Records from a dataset
--- START ---

(** Erdős–Selfridge: the potential of a position is the sum, over the lines
    Chooser has not hit yet, of [2 ^ (number of Picker's vertices on it)].  Of
    Chooser's two answers to an offer, one does not increase the potential, and
    a line owned by Picker contributes [16] on its own; so Chooser wins from any
    position of potential below [16].  The empty board has potential exactly
    [16].  Since the torus is invariant under translations, Picker's first offer
    may be assumed to contain [(0, 0)], and for each of these 15 offers a finite
    search, cut off as soon as the potential drops below [16], finds a winning
    answer. *)

Section ResidualHypergraph.

Variable m : nat.

Definition potential (H : seq (seq nat)) : nat :=
  sumn [seq 2 ^ (m - size L) | L <- H].

(** Chooser keeps [i] and Picker gets [j]. *)
Definition move (i j : nat) (H : seq (seq nat)) : seq (seq nat) :=
  [seq rem j L | L <- [seq L <- H | i \notin L]].

Lemma potential_nil H : [::] \in H -> 2 ^ m <= potential H.
Proof.
move=> /(map_f (fun L => 2 ^ (m - size L))); rewrite subn0 => /perm_to_rem.
by rewrite /potential => /perm_sumn -> /=; apply: leq_addr.
Qed.

Lemma weight_rem (x : nat) (L : seq nat) : x \in L -> size L <= m ->
  2 ^ (m - size (rem x L)) = (2 ^ (m - size L)).*2.
Proof.
move=> xL szL; rewrite size_rem // -mul2n -expnS; congr (2 ^ _).
by move: szL; case: L xL => //= _ L _; lia.
Qed.

Lemma potential_move i j H : {in H, forall L, size L <= m} ->
  potential (move i j H) + potential (move j i H) <= (potential H).*2.
Proof.
rewrite /potential /move; elim: H => //= L H IH /forall_cons[szL /IH {}IH].
case: (boolP (i \in L)) => iL; case: (boolP (j \in L)) => jL /=;
  rewrite ?(rem_id jL) ?(rem_id iL) ?weight_rem //; lia.
Qed.

End ResidualHypergraph.

Lemma pairwise_neq (T : eqType) (r : rel T) (s : seq T) : pairwise r s ->
  {in s &, forall x y, x != y -> r x y || r y x}.
Proof.
elim: s => //= z s IH /andP[/allP r_z /IH {}IH] x y.
rewrite !in_cons => /predU1P[-> | xs] /predU1P[-> | ys]; rewrite ?eqxx //.
- by move=> _; rewrite r_z.
- by move=> _; rewrite r_z ?orbT.
- exact: IH.
Qed.

Section Automorphism.

Variables f g : vtx -> vtx.
Hypotheses (fK : cancel f g) (gK : cancel g f).
Hypothesis f_edges :
  {in torus_edges, forall e : {set vtx}, f @^-1: e \in torus_edges}.

Lemma chooser_wins_map :
  forall P C, chooser_wins P C -> chooser_wins (f @: P) (f @: C).
Proof.
have f_inj := can_inj fK.
have free_map (P C : {set vtx}) v : (f v \notin f @: P :|: f @: C) = (v \notin P :|: C).
  by rewrite -imsetU mem_imset.
(* [cw_step] nests [chooser_wins] under [\/], where [chooser_wins_ind] gives no
   induction hypothesis; hence the explicit [fix]. *)
fix IH 3 => P C [all_taken all_hit | [x [y [Fx Fy xy]]] answer].
  apply: cw_end => [v | e /f_edges /all_hit[v ev Cv]].
    by rewrite -[v]gK -imsetU imset_f.
  by exists (f v); [move: ev; rewrite inE | rewrite imset_f].
apply: cw_step => [|x' y' Fx' Fy' xy'].
  by exists (f x), (f y); rewrite !free_map (inj_eq f_inj).
rewrite -[x']gK -[y']gK -!imsetU1 in Fx' Fy' xy' *.
rewrite !free_map (inj_eq f_inj) in Fx' Fy' xy'.
by case: (answer _ _ Fx' Fy' xy') => /IH; [left | right].
Qed.

End Automorphism.

Section Translation.

Local Open Scope ring_scope.

Variable t : vtx.

Let level_shift (h : vtx -> 'Z_4) (d c : 'Z_4) :
  (forall v, h (v + t) = h v + d) ->
  (fun v : vtx => v + t) @^-1: [set v | h v == c] = [set v | h v == c - d].
Proof.
by move=> hs; apply/setP => v; rewrite !inE hs [RHS]eq_sym subr_eq eq_sym.
Qed.

Lemma translate_edges : {in torus_edges, forall e : {set vtx},
  (fun v : vtx => v + t) @^-1: e \in torus_edges}.
Proof.
move=> e /setUP[/setUP[/setUP[]|]|] /imsetP[c _ ->].
- by rewrite (@level_shift (fun v => v.2) t.2) // !in_setU imset_f.
- by rewrite (@level_shift (fun v => v.1) t.1) // !in_setU imset_f ?orbT.
- rewrite (@level_shift (fun v => v.1 - v.2) (t.1 - t.2)) => [|v].
    by rewrite !in_setU imset_f ?orbT.
  by rewrite /= opprD addrACA.
- rewrite (@level_shift (fun v => v.1 + v.2) (t.1 + t.2)) => [|v].
    by rewrite !in_setU imset_f ?orbT.
  by rewrite /= addrACA.
Qed.

Lemma chooser_wins_translate P C : chooser_wins P C ->
  chooser_wins [set v + t | v : vtx in P] [set v + t | v : vtx in C].
Proof.
apply: (@chooser_wins_map (fun v => v + t) (fun v => v - t)) => [v | v |].
- exact: addrK.
- exact: subrK.
- exact: translate_edges.
Qed.

End Translation.

Definition code (v : vtx) : nat := 4 * v.1 + v.2.
Definition decode (k : nat) : vtx := (inZp (k %/ 4), inZp (k %% 4)).

Lemma codeK : cancel code decode.
Proof.
case=> a b; rewrite /code /decode /=.
by rewrite mulnC divnMDl // modnMDl divn_small ?modn_small ?addn0 ?valZpK.
Qed.

Lemma code_lt v : code v < 16.
Proof.
case: v => a b; rewrite /code /=.
have : a < 4 := ltn_ord a; have : b < 4 := ltn_ord b; lia.
Qed.

Lemma decodeK : {in gtn 16, cancel decode code}.
Proof. by move=> k; do 16?[case: k => [|k] //]. Qed.

Lemma eq_decode k l : k < 16 -> l < 16 -> (decode k == decode l) = (k == l).
Proof. by move=> kl ll; apply/eqP/eqP => [|-> //]; apply: (can_in_inj decodeK). Qed.

Definition lines : seq (seq nat) :=
  [:: [:: 0; 4; 8; 12]; [:: 0; 1; 2; 3]; [:: 0; 5; 10; 15]; [:: 0; 13; 10; 7];
      [:: 1; 5; 9; 13]; [:: 4; 5; 6; 7]; [:: 4; 9; 14; 3]; [:: 4; 1; 14; 11];
      [:: 2; 6; 10; 14]; [:: 8; 9; 10; 11]; [:: 8; 13; 2; 7]; [:: 8; 5; 2; 15];
      [:: 3; 7; 11; 15]; [:: 12; 13; 14; 15]; [:: 12; 1; 6; 11]; [:: 12; 9; 6; 3]].

Lemma lines_wf : all (fun L => [&& uniq L, size L == 4 & all (gtn 16) L]) lines.
Proof. by []. Qed.

Lemma mem_line {L k} : L \in lines -> k \in L -> k < 16.
Proof. by move=> /(allP lines_wf)/and3P[_ _ /allP]; apply. Qed.

Lemma line_uniq {L} : L \in lines -> uniq L.
Proof. by case/(allP lines_wf)/and3P. Qed.

Lemma line_size {L} : L \in lines -> size L = 4.
Proof. by case/(allP lines_wf)/and3P=> _ /eqP. Qed.

Lemma line_in_edge e : e \in torus_edges ->
  exists2 L, L \in lines & {in L, forall k, decode k \in e}.
Proof.
move=> e_edge; suff : has (fun L => all (fun k => decode k \in e) L) lines.
  by case/hasP=> L Ll /allP; exists L.
move: e_edge => /setUP[/setUP[/setUP[]|]|] /imsetP[c _ ->];
  under eq_has => L do under eq_all => k do rewrite inE;
  by case: c => [[|[|[|[|//]]]] ?]; vm_compute.
Qed.

Definition free_codes (P C : {set vtx}) : seq nat :=
  [seq k <- iota 0 16 | decode k \notin P :|: C].

(** The residual hypergraph: the lines Chooser has not hit, stripped of
    Picker's vertices; a residual line [L] has weight [2 ^ (4 - size L)]. *)
Definition residual (P C : {set vtx}) : seq (seq nat) :=
  [seq [seq k <- L | decode k \notin P]
     | L <- lines & all (fun k => decode k \notin C) L].

Section Position.

Variables P C : {set vtx}.

Lemma mem_free_codes k :
  (k \in free_codes P C) = (k < 16) && (decode k \notin P :|: C).
Proof. by rewrite mem_filter mem_iota andbC. Qed.

Lemma free_code v : (code v \in free_codes P C) = (v \notin P :|: C).
Proof. by rewrite mem_free_codes code_lt codeK. Qed.

Lemma free_codes_uniq : uniq (free_codes P C).
Proof. by rewrite filter_uniq ?iota_uniq. Qed.

Lemma residual_size L : L \in residual P C -> size L <= 4.
Proof.
case/mapP=> L0 /[!mem_filter] /andP[_ L0l] ->.
by rewrite size_filter (leq_trans (count_size _ _)) ?(line_size L0l).
Qed.

Lemma free_codes_swap x y :
  free_codes (y |: P) (x |: C) = free_codes (x |: P) (y |: C).
Proof. by rewrite /free_codes setUACA [[set y] :|: _]setUC -setUACA. Qed.

Variables i j : nat.
Hypotheses (Fi : i \in free_codes P C) (Fj : j \in free_codes P C) (ij : i != j).

Let i16 : i < 16. Proof. by move: Fi; rewrite mem_free_codes => /andP[]. Qed.
Let j16 : j < 16. Proof. by move: Fj; rewrite mem_free_codes => /andP[]. Qed.

Lemma free_codes_move :
  free_codes (decode j |: P) (decode i |: C) = rem j (rem i (free_codes P C)).
Proof.
rewrite rem_filter ?rem_uniq ?free_codes_uniq // rem_filter ?free_codes_uniq //.
rewrite /free_codes -!filter_predI; apply: eq_in_filter => k; rewrite mem_iota => /= k16.
rewrite !inE !eq_decode //.
by case: (k == i); case: (k == j); rewrite ?orbT ?andbF.
Qed.

Lemma size_free_codes_move :
  size (free_codes (decode j |: P) (decode i |: C)) = (size (free_codes P C)).-2.
Proof. by rewrite free_codes_move size_rem ?size_rem // rem_mem // eq_sym. Qed.

Lemma residual_move :
  residual (decode j |: P) (decode i |: C) = move i j (residual P C).
Proof.
have Pi : decode i \notin P.
  by move: Fi; rewrite mem_free_codes inE negb_or => /and3P[].
rewrite /residual /move filter_map -map_comp -filter_predI.
have keep L : L \in lines -> all (fun k => decode k \notin decode i |: C) L =
    (i \notin [seq k <- L | decode k \notin P]) && all (fun k => decode k \notin C) L.
  move=> Ll; rewrite mem_filter Pi /=.
  under eq_in_all => k kL do rewrite in_setU1 negb_or eq_decode ?(mem_line Ll kL) //.
  by rewrite all_predI all_predC has_pred1.
rewrite (eq_in_filter keep); apply/eq_in_map => L; rewrite mem_filter => /andP[_ Ll] /=.
rewrite rem_filter ?filter_uniq ?(line_uniq Ll) // -filter_predI.
by apply: eq_in_filter => k kL; rewrite /= in_setU1 negb_or eq_decode ?(mem_line Ll kL).
Qed.

End Position.

Lemma chooser_wins_end P C :
  free_codes P C = [::] -> [::] \notin residual P C -> chooser_wins P C.
Proof.
move=> no_free no_empty; apply: cw_end => [v | e /line_in_edge[L Ll Le]].
  by apply/negPn; rewrite -free_code no_free.
have [/hasP[k kL Ck] | /hasPn noC] := boolP (has (fun k => decode k \in C) L).
  by exists (decode k); rewrite ?Le.
case/negP: no_empty; apply/mapP; exists L.
  by rewrite mem_filter Ll andbT; apply/allP.
rewrite -(filter_pred0 L); apply: eq_in_filter => k kL.
have := mem_free_codes P C k; rewrite no_free in_nil (mem_line Ll kL) in_setU.
by rewrite (negPf (noC k kL)) orbF /= => <-.
Qed.

Lemma chooser_wins_step P C : 1 < size (free_codes P C) ->
  (forall i j, i \in free_codes P C -> j \in free_codes P C -> i != j ->
     chooser_wins (decode j |: P) (decode i |: C) \/
     chooser_wins (decode i |: P) (decode j |: C)) ->
  chooser_wins P C.
Proof.
move=> two_free answer; apply: cw_step => [|x y Fx Fy xy].
  have := free_codes_uniq P C; have := mem_free_codes P C.
  case: (free_codes P C) two_free => [|i [|j fr]] // _ Fmem /andP[].
  rewrite in_cons negb_or => /andP[ij _] _.
  have /andP[i16 Fi] : (i < 16) && (decode i \notin P :|: C).
    by rewrite -Fmem mem_head.
  have /andP[j16 Fj] : (j < 16) && (decode j \notin P :|: C).
    by rewrite -Fmem !inE eqxx orbT.
  by exists (decode i), (decode j); rewrite eq_decode.
rewrite -[x]codeK -[y]codeK; apply: answer; rewrite ?free_code //.
by apply: contra xy => /eqP/(can_inj codeK)->.
Qed.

--- END ---

> _DIRECTIONS FOR THIS TASK_: Please copy, exactly and with nothing else, the lines above beginning at the line that has "- exact: addrK." and ending with the line that has "Proof. by []. Qed.".

> _ANSWER AREA_:
- exact: addrK.
- exact: subrK.
- exact: translate_edges.
Qed.

End Translation.

Definition code (v : vtx) : nat := 4 * v.1 + v.2.
Definition decode (k : nat) : vtx := (inZp (k %/ 4), inZp (k %% 4)).

Lemma codeK : cancel code decode.
Proof.
case=> a b; rewrite /code /decode /=.
by rewrite mulnC divnMDl // modnMDl divn_small ?modn_small ?addn0 ?valZpK.
Qed.

Lemma code_lt v : code v < 16.
Proof.
case: v => a b; rewrite /code /=.
have : a < 4 := ltn_ord a; have : b < 4 := ltn_ord b; lia.
Qed.

Lemma decodeK : {in gtn 16, cancel decode code}.
Proof. by move=> k; do 16?[case: k => [|k] //]. Qed.

Lemma eq_decode k l : k < 16 -> l < 16 -> (decode k == decode l) = (k == l).
Proof. by move=> kl ll; apply/eqP/eqP => [|-> //]; apply: (can_in_inj decodeK). Qed.

Definition lines : seq (seq nat) :=
  [:: [:: 0; 4; 8; 12]; [:: 0; 1; 2; 3]; [:: 0; 5; 10; 15]; [:: 0; 13; 10; 7];
      [:: 1; 5; 9; 13]; [:: 4; 5; 6; 7]; [:: 4; 9; 14; 3]; [:: 4; 1; 14; 11];
      [:: 2; 6; 10; 14]; [:: 8; 9; 10; 11]; [:: 8; 13; 2; 7]; [:: 8; 5; 2; 15];
      [:: 3; 7; 11; 15]; [:: 12; 13; 14; 15]; [:: 12; 1; 6; 11]; [:: 12; 9; 6; 3]].

Lemma lines_wf : all (fun L => [&& uniq L, size L == 4 & all (gtn 16) L]) lines.
Proof. by []. Qed.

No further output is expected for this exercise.